Zero-shot learning (ZSL) and few-shot learning (FSL) are two approaches in machine learning that aim to recognize or classify new categories of data with minimal labeled examples. In zero-shot learning, the model is trained on a set of classes and is then expected to generalize to completely unseen classes based on auxiliary information, such as attributes or descriptions of those classes. For instance, if a model learns to identify animals like cats and dogs, it could be asked to identify a horse if it knows semantic characteristics like "has four legs, mane, and hooves," even if it has never seen a horse in training data.
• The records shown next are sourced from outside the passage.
(* Every finite abelian group is completely $D$-realisable.
   Context: All groups are finite. $D(H)=H'$ denotes the derived subgroup of $H$. A finite group $G$ is completely $D$-realisable if there is a finite group $H$ such that: (i) $G\cong D(H)$; (ii) for every subgroup $G_1\leq G$ there exists $H_1\leq H$ with $G_1\cong D(H_1)$; (iii) for every $H_1\leq H$ there exists $G_1\leq G$ with $D(H_1)\cong G_1$. *)

From mathcomp Require Import all_boot all_fingroup all_solvable.
Set Implicit Arguments. Unset Strict Implicit. Unset Printing Implicit Defensive.
Local Open Scope group_scope.

(* D(H) = H' = [~: H, H] (derived subgroup, H^`(1) in MathComp). *)
Definition completely_D_realisable (gT : finGroupType) (G : {group gT}) : Prop :=
  exists (hT : finGroupType) (H : {group hT}),
    [/\ G \isog H^`(1),
        (forall G1 : {group gT}, G1 \subset G ->
           exists2 H1 : {group hT}, H1 \subset H & G1 \isog H1^`(1))
      & (forall H1 : {group hT}, H1 \subset H ->
           exists2 G1 : {group gT}, G1 \subset G & H1^`(1) \isog G1)].

Set Warnings "-redundant-canonical-projection -notation-overridden".
From HB Require Import structures.
From mathcomp Require Import all_boot all_fingroup all_solvable.
Set Implicit Arguments. Unset Strict Implicit. Unset Printing Implicit Defensive.
Local Open Scope group_scope.

(* For abelian G take H = G wr C2 = (G x G) >< <swap>.  Commutators in H have
   trivial swap component, and (a, b) swap^s |-> a * b is a homomorphism onto
   the abelian group G, so they also have coordinate product 1: H' lies in the
   antidiagonal {(u^-1, u)}.  Conversely (u^-1, u) = [(u, 1), swap], so H' is
   the antidiagonal, a copy of G.  The construction is monotone in G, which
   gives (ii), and the derived subgroup of any subgroup of H lies in H', a copy
   of G, which gives (iii). *)

Lemma sub_isog_subgroup (aT rT : finGroupType) (G : {group aT})
    (H K : {group rT}) :
  G \isog H -> K \subset H -> exists2 G1 : {group aT}, G1 \subset G & K \isog G1.
Proof.
case/isogP=> f injf fG sKH; exists (f @*^-1 K)%G; first exact: morphpre_sub.
have sKfG : K \subset f @* G by rewrite fG.
by rewrite isog_sym -[X in _ \isog X](morphpreK sKfG) sub_isog ?morphpre_sub.
Qed.

Section Wreath2.
Variable gT : finGroupType.

(* [(a, b, s)] stands for [(a, b) * swap ^+ s], where [swap] exchanges the
   two coordinates. *)
Definition wreath2 : Type := (gT * gT * bool)%type.
HB.instance Definition _ := Finite.on wreath2.

Definition wr2_mul (x y : wreath2) : wreath2 :=
  let: (a, b, s) := x in let: (c, d, t) := y in
  if s then (a * d, b * c, ~~ t) else (a * c, b * d, t).

Definition wr2_inv (x : wreath2) : wreath2 :=
  let: (a, b, s) := x in if s then (b^-1, a^-1, true) else (a^-1, b^-1, false).

Definition wr2_one : wreath2 := (1, 1, false).

Lemma wr2_mulA : associative wr2_mul.
Proof. by move=> [[a b] []] [[c d] []] [[e f] []]; rewrite /= !mulgA. Qed.

Lemma wr2_mul1 : left_id wr2_one wr2_mul.
Proof. by move=> [[a b] []]; rewrite /= !mul1g. Qed.

Lemma wr2_mulV : left_inverse wr2_one wr2_inv wr2_mul.
Proof. by move=> [[a b] []]; rewrite /= !mulVg. Qed.

HB.instance Definition _ := Finite_isGroup.Build wreath2 wr2_mulA wr2_mul1 wr2_mulV.

End Wreath2.

Section Wreath2Theory.
Variable gT : finGroupType.
Implicit Types (A B : {group gT}) (x y : wreath2 gT).

Lemma wr2_mulE x y : x * y = wr2_mul x y. Proof. by []. Qed.
Lemma wr2_invE x : x^-1 = wr2_inv x. Proof. by []. Qed.

Definition wr2 (A : {set gT}) := [set x : wreath2 gT | (x.1.1 \in A) && (x.1.2 \in A)].

Lemma wr2_group_set A : group_set (wr2 A).
Proof.
apply/group_setP; split; first by rewrite inE /= group1.
move=> [[a b] s] [[c d] t]; rewrite !inE /= => /andP[Aa Ab] /andP[Ac Ad].
by rewrite wr2_mulE; case: s => /=; rewrite !groupM.
Qed.
Canonical wr2_group A := Group (wr2_group_set A).

Lemma wr2S A B : A \subset B -> wr2 A \subset wr2 B.
Proof.
move/subsetP=> sAB; apply/subsetP=> x; rewrite !inE => /andP[Ax1 Ax2].
by rewrite !sAB.
Qed.

Lemma wr2_commg_unswapped x y : [~ x, y].2 = false.
Proof. by move: x y => [[a b] []] [[c d] []]. Qed.

Definition antidiag (u : gT) : wreath2 gT := (u^-1, u, false).

Lemma antidiag_inj : injective antidiag.
Proof. by move=> u v []. Qed.

Lemma antidiag_commg u : antidiag u = [~ ((u, 1, false) : wreath2 gT), (1, 1, true)].
Proof. by rewrite /antidiag /commg /conjg !wr2_mulE !wr2_invE /= !invg1 !mulg1 !mul1g. Qed.

Definition wr2_prod x : gT := x.1.1 * x.1.2.

Section Abelian.
Variable A : {group gT}.
Hypothesis abA : abelian A.

Lemma antidiag_morph : {in A &, {morph antidiag : u v / u * v}}.
Proof.
move=> u v Au Av; rewrite /antidiag wr2_mulE /=.
by rewrite -[u^-1 * _]invMg (centsP abA v Av u Au).
Qed.
Canonical antidiag_morphism := Morphism antidiag_morph.

Lemma wr2_prod_morph : {in wr2 A &, {morph wr2_prod : x y / x * y}}.
Proof.
move=> [[a b] s] [[c d] t]; rewrite !inE /= => /andP[Aa Ab] /andP[Ac Ad].
rewrite wr2_mulE /wr2_prod; case: s => /=; rewrite !mulgA.
  rewrite -(mulgA a d b) (centsP abA d Ad b Ab) !mulgA.
  by rewrite -(mulgA _ d c) (centsP abA d Ad c Ac) !mulgA.
by rewrite -(mulgA a c b) (centsP abA c Ac b Ab) !mulgA.
Qed.
Canonical wr2_prod_morphism := Morphism wr2_prod_morph.

Lemma der1_wr2 : (wr2 A)^`(1) = antidiag @* A.
Proof.
apply/eqP; rewrite eqEsubset morphimEdom; apply/andP; split; last first.
  apply/subsetP=> _ /imsetP[u Au ->]; change (antidiag u \in (wr2 A)^`(1)).
  by rewrite antidiag_commg derg1 mem_commg // inE /= ?Au group1.
rewrite derg1 gen_subG; apply/subsetP=> _ /imset2P[x y Wx Wy ->].
have: [~ x, y] \in wr2 A by rewrite groupR.
have: wr2_prod [~ x, y] = 1.
  rewrite (morphR wr2_prod_morphism Wx Wy); apply/eqP/commgP.
  move: Wx Wy; rewrite !inE => /andP[Ax1 Ax2] /andP[Ay1 Ay2].
  by apply: (centsP abA); rewrite groupM.
move: (wr2_commg_unswapped x y); case: [~ x, y] => [[p q] _] /= ->.
rewrite /wr2_prod inE /= => pq1 /andP[_ Aq]; apply/imsetP; exists q => //.
by rewrite /= /antidiag -[p](mulgK q) pq1 mul1g.
Qed.

Lemma isog_der1_wr2 : A \isog (wr2 A)^`(1).
Proof.
by rewrite der1_wr2 sub_isog //; apply/injmP=> u v _ _ /antidiag_inj.
Qed.

End Abelian.
End Wreath2Theory.

Theorem theorem3p1 (gT : finGroupType) (G : {group gT}) :
  abelian G -> completely_D_realisable G.
Proof.
move=> abG; exists (wreath2 gT), (wr2_group G); split.
- exact: isog_der1_wr2.
- move=> G1 sG1; exists (wr2_group G1); first exact: wr2S.
  exact: isog_der1_wr2 (abelianS sG1 abG).
- move=> H1 sH1; apply: sub_isog_subgroup (isog_der1_wr2 abG) _.
  exact: dergS.
Qed.
(* Let $\nu$ be a Krull valuation on $\mathbb{K}[x]$, $\mu$ a valuation on $\overline{\mathbb{K}}[x]$ extending $\nu$, $Q$ a key polynomial for $\nu$ of degree $n$, and $a$ an optimizing root of $Q$. Assume $\nu(Q)\in\mu\overline{\mathbb{K}}$ and let $e$ be the least positive integer with $e\nu(Q)\in\mu\mathbb{K}(a)$. Then for every $g\in\mathbb{K}[x]$ with $\deg g<ne$ we have $\mu_{x-a}(g)=\mu(g)=\nu_Q(g)$.
   Context: $\overline{\mathbb{K}}$ is an algebraic closure of $\mathbb{K}$; $\mu\overline{\mathbb{K}}$ and $\mu\mathbb{K}(a)$ are the value groups of $\mu$ restricted to $\overline{\mathbb{K}}$ and to $\mathbb{K}(a)$. Truncations: $\nu_Q(f)=\min_i\nu(f_iQ^i)$ where $f=\sum f_iQ^i$ is the $Q$-expansion ($\deg f_i<\deg Q$), and $\mu_{x-a}(\sum_i c_i(x-a)^i)=\min_i\{\mu(c_i)+i\mu(x-a)\}$. Optimizing root: a root $c$ of $Q$ maximizing $\mu(x-c)$ among roots of $Q$. Key polynomials: for nonzero $f\in\mathbb{K}[x]$, with Hasse derivatives $\partial_bf=\sum_{i\ge b}\binom{i}{b}a_ix^{i-b}$ for $f=\sum a_ix^i$, $\epsilon(f)=\max_{1\le b\le\deg f}(\nu(f)-\nu(\partial_bf))/b$ if $\deg f>0$ and $\epsilon(f)=-\infty$ if $f$ is constant; a monic $Q$ is a key polynomial for $\nu$ if $\epsilon(f)\ge\epsilon(Q)$ implies $\deg f\ge\deg Q$ for all $f$. *)

From HB Require Import structures.
From mathcomp Require Import all_boot all_order ssralg poly polydiv.
Set Implicit Arguments. Unset Strict Implicit. Unset Printing Implicit Defensive.
Import Order.TTheory GRing.Theory.
Local Open Scope ring_scope.

Fact vg_display : Order.disp_t. Proof. exact: Order.Disp tt tt. Qed.

HB.mixin Record isOrderedZmod (G : Type)
    of Order.Total vg_display G & GRing.Zmodule G := {
  oz_leD2r : forall x y z : G, (x <= y)%O -> (x + z <= y + z)%O
}.
#[short(type="orderedZmodType")]
HB.structure Definition OrderedZmod :=
  { G of isOrderedZmod G & Order.Total vg_display G & GRing.Zmodule G }.

Section Values.
Context {G : orderedZmodType}.

(* G_oo := G u {oo}, encoded as option G with None = oo *)
Definition vle (x y : option G) : bool :=
  match x, y with
  | _, None => true
  | None, Some _ => false
  | Some a, Some b => (a <= b)%O
  end.
Definition vadd (x y : option G) : option G :=
  match x, y with Some a, Some b => Some (a + b) | _, _ => None end.
Definition vmin (x y : option G) : option G := if vle x y then x else y.
Definition vmuln (n : nat) (x : option G) : option G :=
  match x with Some a => Some (a *+ n) | None => None end.

Definition is_valuation (R : nzRingType) (v : R -> option G) : Prop :=
  [/\ forall x, v x = None <-> x = 0,
      v 1 = Some 0,
      forall x y, v (x * y) = vadd (v x) (v y)
    & forall x y, vle (vmin (v x) (v y)) (v (x + y))].

(* Elements of the divisible hull Q (x) G together with -oo:
   None = -oo, Some (g, b) stands for g / b (b > 0 in all uses). *)
Definition fle (x y : option (G * nat)) : bool :=
  match x, y with
  | None, _ => true
  | Some _, None => false
  | Some (g, m), Some (h, n) => (g *+ n <= h *+ m)%O
  end.
Definition fmax (x y : option (G * nat)) := if fle x y then y else x.

Section Poly.
Variable K : fieldType.
Variable nu : {poly K} -> option G.

Definition eps_term (f : {poly K}) (b : nat) : option (G * nat) :=
  match nu f, nu (nderivn b f) with
  | Some x, Some y => Some (x - y, b)
  | _, _ => None
  end.

Definition eps (f : {poly K}) : option (G * nat) :=
  if (size f <= 1)%N then None
  else \big[fmax/None]_(1 <= b < size f) eps_term f b.

Definition key_poly (Q : {poly K}) : Prop :=
  Q \is monic /\
  forall f : {poly K}, fle (eps Q) (eps f) -> ((size Q).-1 <= (size f).-1)%N.

(* i-th coefficient of the Q-expansion f = sum_i f_i Q^i, deg f_i < deg Q *)
Definition qexp (Q f : {poly K}) (i : nat) : {poly K} := (f %/ Q ^+ i) %% Q.

Definition trunc (Q f : {poly K}) : option G :=
  \big[vmin/None]_(i < size f) nu (qexp Q f i * Q ^+ i).
End Poly.

Section Closure.
Variables (K : fieldType) (L : closedFieldType) (iota : {rmorphism K -> L}).
Variable mu : {poly L} -> option G.

(* mu_{x-a}(g) = min_i { mu(c_i) + i mu(x - a) }, g = sum_i c_i (x-a)^i *)
Definition trunc_lin (a : L) (g : {poly L}) : option G :=
  \big[vmin/None]_(i < size g)
     vadd (mu ((nderivn i g).[a])%:P) (vmuln i (mu ('X - a%:P))).

Definition optimizing_root (Q : {poly K}) (a : L) : Prop :=
  root (map_poly iota Q) a /\
  forall c : L, root (map_poly iota Q) c -> vle (mu ('X - c%:P)) (mu ('X - a%:P)).

Definition in_vg_Kbar (gamma : option G) : Prop :=
  exists c : L, c != 0 /\ mu c%:P = gamma.

Definition in_vg_Ka (a : L) (gamma : option G) : Prop :=
  exists p q : {poly K},
    [/\ (map_poly iota q).[a] != 0, (map_poly iota p).[a] != 0 &
        mu (((map_poly iota p).[a] / (map_poly iota q).[a])%:P) = gamma].
End Closure.
End Values.

(* Writing delta = mu(x - a), the argument runs as follows.
   1. The truncation mu_{x-a} (computed from the Taylor expansion at a) is
      bounded by mu, and is super-additive and super-multiplicative.
   2. Since a is optimizing, mu_{x-a}(x - c) = mu(x - c) for every root c of
      Q, hence mu(Q) <= mu_{x-a}(Q); comparing Taylor coefficients gives
      nu(Q) <= nu(d_b Q) + b delta for all b, i.e. epsilon(Q) <= delta.
   3. As Q is a key polynomial, every nonzero h with deg h < deg Q satisfies
      epsilon(h) < epsilon(Q) <= delta, i.e. nu(d_j h) + j delta > nu(h) for
      j >= 1; by Taylor expansion mu(h(a)) = nu(h) <= mu_{x-a}(h).
   4. For deg g < n e the Q-expansion g = sum_{i<e} g_i Q^i has terms of
      values mu(g_i(a)) + i nu(Q), pairwise distinct by minimality of e, so
      mu(g) is their minimum, which is nu_Q(g); by 1-3 it is also a lower
      bound of mu_{x-a}(g) <= mu(g). *)

From HB Require Import structures.
From mathcomp Require Import all_boot all_order ssralg poly polydiv ring.
Set Implicit Arguments. Unset Strict Implicit. Unset Printing Implicit Defensive.
Import Order.TTheory GRing.Theory.
Local Open Scope ring_scope.

Section OrderedGroup.
Variable G : orderedZmodType.
Implicit Types x y z w : G.

Lemma oz_leD2 x y z : ((x + z <= y + z) = (x <= y))%O.
Proof.
apply/idP/idP; last exact: oz_leD2r.
by move/(oz_leD2r _ _ (- z)); rewrite !addrK.
Qed.

Lemma oz_leD x y z w : (x <= y)%O -> (z <= w)%O -> (x + z <= y + w)%O.
Proof.
move=> le_xy le_zw; apply: (le_trans (oz_leD2r _ _ z le_xy)).
by rewrite ![y + _]addrC oz_leD2.
Qed.

Lemma oz_ltD2 x y z : ((x + z < y + z) = (x < y))%O.
Proof. by rewrite !lt_def oz_leD2 (inj_eq (addIr z)). Qed.

Lemma oz_leMn x y k : (x <= y)%O -> (x *+ k <= y *+ k)%O.
Proof.
move=> le_xy; elim: k => [|k IH]; first by rewrite !mulr0n.
by rewrite !mulrS oz_leD.
Qed.
(* Let $\delta\le0.011$ and let $\mathcal{I}$ be a $\delta$-ONI instance with $n$ agents and $|N^1_1|\le n\left(\frac14-\delta\right)/\left(\frac14+\frac\delta3\right)$. Then every agent $i\in N^2$ receives a bag of value at least $\frac34+\delta$ at the end of Algorithm $\mathtt{approxMMS1}(\mathcal{I},\delta)$.
   Context: Instance: agents $[n]$, goods $[m]$, additive valuations; goods with index larger than $m$ are dummy goods of value 0. Ordered: $v_i(1)\ge\dots\ge v_i(m)$ for all $i$. Normalized: every agent $i$ has a partition of the goods into $n$ bundles each of value exactly 1 to $i$. $\alpha$-irreducible: for every $i$, $v_i(1)<\alpha$, $v_i(\{2n-1,2n,2n+1\})<\alpha$, $v_i(\{3n-2,\dots,3n+1\})<\alpha$, $v_i(\{1,2n+1\})<\alpha$. $\delta$-ONI: ordered, normalized, $(3/4+\delta)$-irreducible. $B_k=\{k,2n-k+1\}$ ($k\in[n]$); $N^1=\{i:v_i(B_k)\le1\ \forall k\}$; $N^2=[n]\setminus N^1$; $N^1_1=\{i\in N^1:v_i(2n+1)\ge\frac14-5\delta\}$. Algorithm $\mathtt{approxMMS1}(\mathcal{I},\delta)$: $\alpha=3/4+\delta$, bags $B_1,\dots,B_n$. Phase 1: while some unassigned agent $i$ and unassigned bag $B$ have $v_i(B)\ge\alpha$, assign such $B$ to an agent valuing it at least $\alpha$, choosing an agent of $N^1_1$ whenever one qualifies. Phase 2: process remaining bags one by one; for the current bag $B$, while no unassigned agent values it at least $\alpha$, add an arbitrary unused good with index $>2n$; then assign $B$ to an unassigned agent valuing it at least $\alpha$, preferring $N^1_1$. (If a good must be added but none is left, the algorithm stops.) *)

From HB Require Import structures.
From mathcomp Require Import all_boot all_order all_algebra.
Set Implicit Arguments. Unset Strict Implicit. Unset Printing Implicit Defensive.
Import Order.TTheory GRing.Theory Num.Theory.
Local Open Scope ring_scope.

(* Agents are 'I_n (agent i : 'I_n is agent i+1 of the paper).
   Goods are positive naturals 1..m; v i j for j > m is a dummy good (value 0).
   Bags are indexed by 'I_n: bag k : 'I_n is the paper's B_{k+1}. *)

Section ApproxMMS1.
Context {R : realFieldType} (n m : nat) (v : 'I_n -> nat -> R) (delta : R).

Definition alpha : R := 3/4 + delta.

Definition bval (i : 'I_n) (s : seq nat) : R := \sum_(j <- s) v i j.

Definition valuations_ok : Prop :=
  (forall i j, 0 <= v i j) /\ (forall i j, (m < j)%N -> v i j = 0).

Definition ordered : Prop :=
  forall i j, (1 <= j < m)%N -> v i j.+1 <= v i j.

Definition normalized : Prop :=
  forall i, exists f : nat -> 'I_n,
    forall k : 'I_n, \sum_(1 <= j < m.+1 | f j == k) v i j = 1.

Definition irreducible (a : R) : Prop :=
  forall i,
    [/\ v i 1 < a,
        bval i [:: (2 * n).-1; (2 * n)%N; (2 * n).+1] < a,
        bval i [:: (3 * n - 2)%N; (3 * n).-1; (3 * n)%N; (3 * n).+1] < a
      & bval i [:: 1%N; (2 * n).+1] < a].

Definition ONI : Prop := [/\ ordered, normalized & irreducible alpha].

Definition bagB (k : 'I_n) : seq nat := [:: k.+1; (2 * n - k)%N].

Definition inN1 (i : 'I_n) : bool := [forall k : 'I_n, bval i (bagB k) <= 1].
Definition inN11 (i : 'I_n) : bool :=
  inN1 i && (1/4 - 5 * delta <= v i (2 * n).+1).
Definition N1 : {set 'I_n} := [set i | inN1 i].
Definition N11 : {set 'I_n} := [set i | inN11 i].
Definition N2 : {set 'I_n} := [set i | ~~ inN1 i].

Record state := St {
  bags : 'I_n -> seq nat;
  owner : 'I_n -> option 'I_n;
  phase2 : bool;
  cur : option 'I_n
}.

Definition init : state := St bagB (fun _ => None) false None.

Definition agent_free (s : state) (i : 'I_n) : bool :=
  [forall k, owner s k != Some i].
Definition bag_free (s : state) (k : 'I_n) : bool := owner s k == None.
Definition qualifies (s : state) (i : 'I_n) (k : 'I_n) : bool :=
  agent_free s i && (alpha <= bval i (bags s k)).
Definition good_choice (s : state) (i k : 'I_n) : bool :=
  qualifies s i k &&
  (inN11 i || ~~ [exists i', qualifies s i' k && inN11 i']).
Definition used (s : state) (g : nat) : bool := [exists k, g \in bags s k].

Definition assign (s : state) (k i : 'I_n) : state :=
  St (bags s) (fun k' => if k' == k then Some i else owner s k') (phase2 s) None.
Definition addgood (s : state) (k : 'I_n) (g : nat) : state :=
  St (fun k' => if k' == k then rcons (bags s k) g else bags s k')
     (owner s) (phase2 s) (cur s).

Inductive step : state -> state -> Prop :=
  | step_p1 s k i :
      ~~ phase2 s -> bag_free s k -> good_choice s i k -> step s (assign s k i)
  | step_p12 s :
      ~~ phase2 s -> ~~ [exists k, exists i, bag_free s k && qualifies s i k] ->
      step s (St (bags s) (owner s) true None)
  (* Phase 2: start processing a remaining bag (in arbitrary order) *)
  | step_pick s k :
      phase2 s -> cur s = None -> bag_free s k ->
      step s (St (bags s) (owner s) true (Some k))
  | step_add s k g :
      phase2 s -> cur s = Some k -> ~~ [exists i, qualifies s i k] ->
      (2 * n < g <= m)%N -> ~~ used s g -> step s (addgood s k g)
  | step_asg s k i :
      phase2 s -> cur s = Some k -> good_choice s i k -> step s (assign s k i).
(* Let $\Gamma$ be a weighted digraph with vertex set $\{1,\dots,n\}$, $n>1$, without loops and with strictly positive arc weights, with Laplacian matrix $L$, in-forest dimension $d$, and let $\tilde J=J_{n-d}=\sigma_{n-d}^{-1}Q_{n-d}$. Then: (i) $L\tilde J=\tilde JL=LQ_{n-d}=Q_{n-d}L=0$; (ii) $\tilde JJ_k=J_k\tilde J=\tilde J$ for $k=0,\dots,n-d$; (iii) $\tilde J^2=\tilde J$; (iv) $\operatorname{rank}\tilde J=\mu_1(\tilde J)=\operatorname{tr}\tilde J=d$ and $\mu_0(\tilde J)=n-d$.
   Context: $W=(w_{ij})$ is the matrix of arc weights ($w_{ij}>0$ iff there is an arc $i\to j$, else $0$). The Laplacian $L=(\ell_{ij})$: $\ell_{ij}=-w_{ij}$ for $j\ne i$, $\ell_{ii}=\sum_{k\ne i}w_{ik}$. The weight of a subgraph is the product of its arc weights (1 if no arcs); the weight of a set of subgraphs is the sum of their weights. A converging tree is a weakly connected digraph with one vertex (the root) of outdegree 0 and all others of outdegree 1; an in-forest is a spanning subgraph of $\Gamma$ whose weak components are converging trees. The in-forest dimension $d$ is the minimal number of trees in an in-forest (so in-forests have at most $n-d$ arcs). $\sigma_k$ is the total weight of in-forests with $k$ arcs; $Q_k=(q^k_{ij})$ with $q^k_{ij}$ the total weight of in-forests with $k$ arcs in which $i$ lies in a tree rooted at $j$; $J_k=\sigma_k^{-1}Q_k$ for $k=0,\dots,n-d$. $\mu_\lambda(A)$ denotes the multiplicity of $\lambda$ as an eigenvalue of the square matrix $A$. *)

From HB Require Import structures.
From mathcomp Require Import all_boot all_order all_algebra.
Set Implicit Arguments. Unset Strict Implicit. Unset Printing Implicit Defensive.
Import Order.TTheory GRing.Theory Num.Theory.
Local Open Scope ring_scope.

(* A weighted digraph on vertex set 'I_n is given by its weight matrix W:
   there is an arc i -> j iff 0 < W i j.  A spanning subgraph is a set of arcs. *)
Section Digraph.
Variables (R : realFieldType) (n : nat) (W : 'M[R]_n).
Lemma cvg_one_squeeze (R : realType) (f : nat -> R) (C : R) :
  (forall k, 1 - C / k.+1%:R <= f k <= 1 + C / k.+1%:R) -> f @ \oo --> (1 : R).
Proof.
move=> f_bound; have C_harm : (fun k => C / k.+1%:R) @ \oo --> (0 : R).
  by rewrite -(mulr0 C); apply: cvgMr; exact: cvg_harmonic.
apply: (@squeeze_cvgr _ _ _ _ (fun k => 1 - C / k.+1%:R) (fun k => 1 + C / k.+1%:R)).
- exact: nearW.
- by rewrite -[X in _ --> X]subr0; apply: cvgB => //; exact: cvg_cst.
- by rewrite -[X in _ --> X]addr0; apply: cvgD => //; exact: cvg_cst.
Qed.

Theorem mainTheorem12 (R : realType) :
  (fun k : nat =>
     kirchhoff R (2 * k + 5)%N /
       (((2 * k + 5)%N%:R) ^+ 2 /
          Num.sqrt ((2 * k + 5)%N%:R * ((2 * k + 5)%N%:R - 4))))
    @ \oo --> (1 : R)
  /\
  (fun k : nat => kirchhoff R (2 * k + 5)%N / (2 * k + 5)%N%:R)
    @ \oo --> (1 : R).
Proof.
pose N k := (2 * k + 5)%N; pose n k : R := (N k)%:R.
have N_gt4 k : (4 < N k)%N by rewrite /N; lia.
have n_gt4 k : 4 < n k by rewrite /n ltr_nat.
have harmonic_le k : (0 : R) < k.+1%:R <= n k - 4.
  by rewrite ltr0n /= lerBrDr -natrD ler_nat /N; lia.
have ratio_cvg : (fun k => kirchhoff R (N k) / n k) @ \oo --> (1 : R).
  apply: (@cvg_one_squeeze _ _ 4) => k; have [lo hi] := kirchhoff_bounds R (N_gt4 k).
  apply: near_one_weaken (harmonic_le k) _ (kirchhoff_ratio_bounds (n_gt4 k) lo hi).
  by rewrite ler0n ler_nat.
have sqrt_cvg : (fun k => Num.sqrt (n k * (n k - 4)) / n k) @ \oo --> (1 : R).
  apply: (@cvg_one_squeeze _ _ 4) => k.
  by apply: near_one_weaken (harmonic_le k) _ (sqrt_ratio_bounds (n_gt4 k)); rewrite ler0n lexx.
split; last exact: ratio_cvg.
rewrite (_ : (fun k => _) = (fun k => kirchhoff R (N k) / n k * (Num.sqrt (n k * (n k - 4)) / n k))).
  by rewrite -[X in _ --> X](mulr1 1); apply: cvgM.
apply/funext => k; rewrite /n /N invf_div; field.
by have := ler0n R k; rewrite gt_eqF //; lra.
Qed.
Few-shot learning, on the other hand, involves training a model to recognize or classify new categories with only a few labeled examples per category. Instead of relying solely on descriptive attributes, a few-shot system learns from a small number of training samples. For example, if you provide a model with only five images of a fox, it should be capable of classifying new images of foxes correctly. This approach often employs techniques like metric learning, where the model learns to distinguish between classes by comparing features rather than requiring a vast amount of data for training.
Though both methods aim to tackle the scarcity of labeled data, they differ in their fundamental approach. Zero-shot learning requires an understanding of the relationships between classes through auxiliary data and does not use any examples of the target classes during training. In contrast, few-shot learning makes use of a limited number of examples for each new class to improve performance. Both techniques are valuable in real-world applications where obtaining large datasets is challenging, such as in medical imaging or wildlife monitoring, where labeled data can be scarce.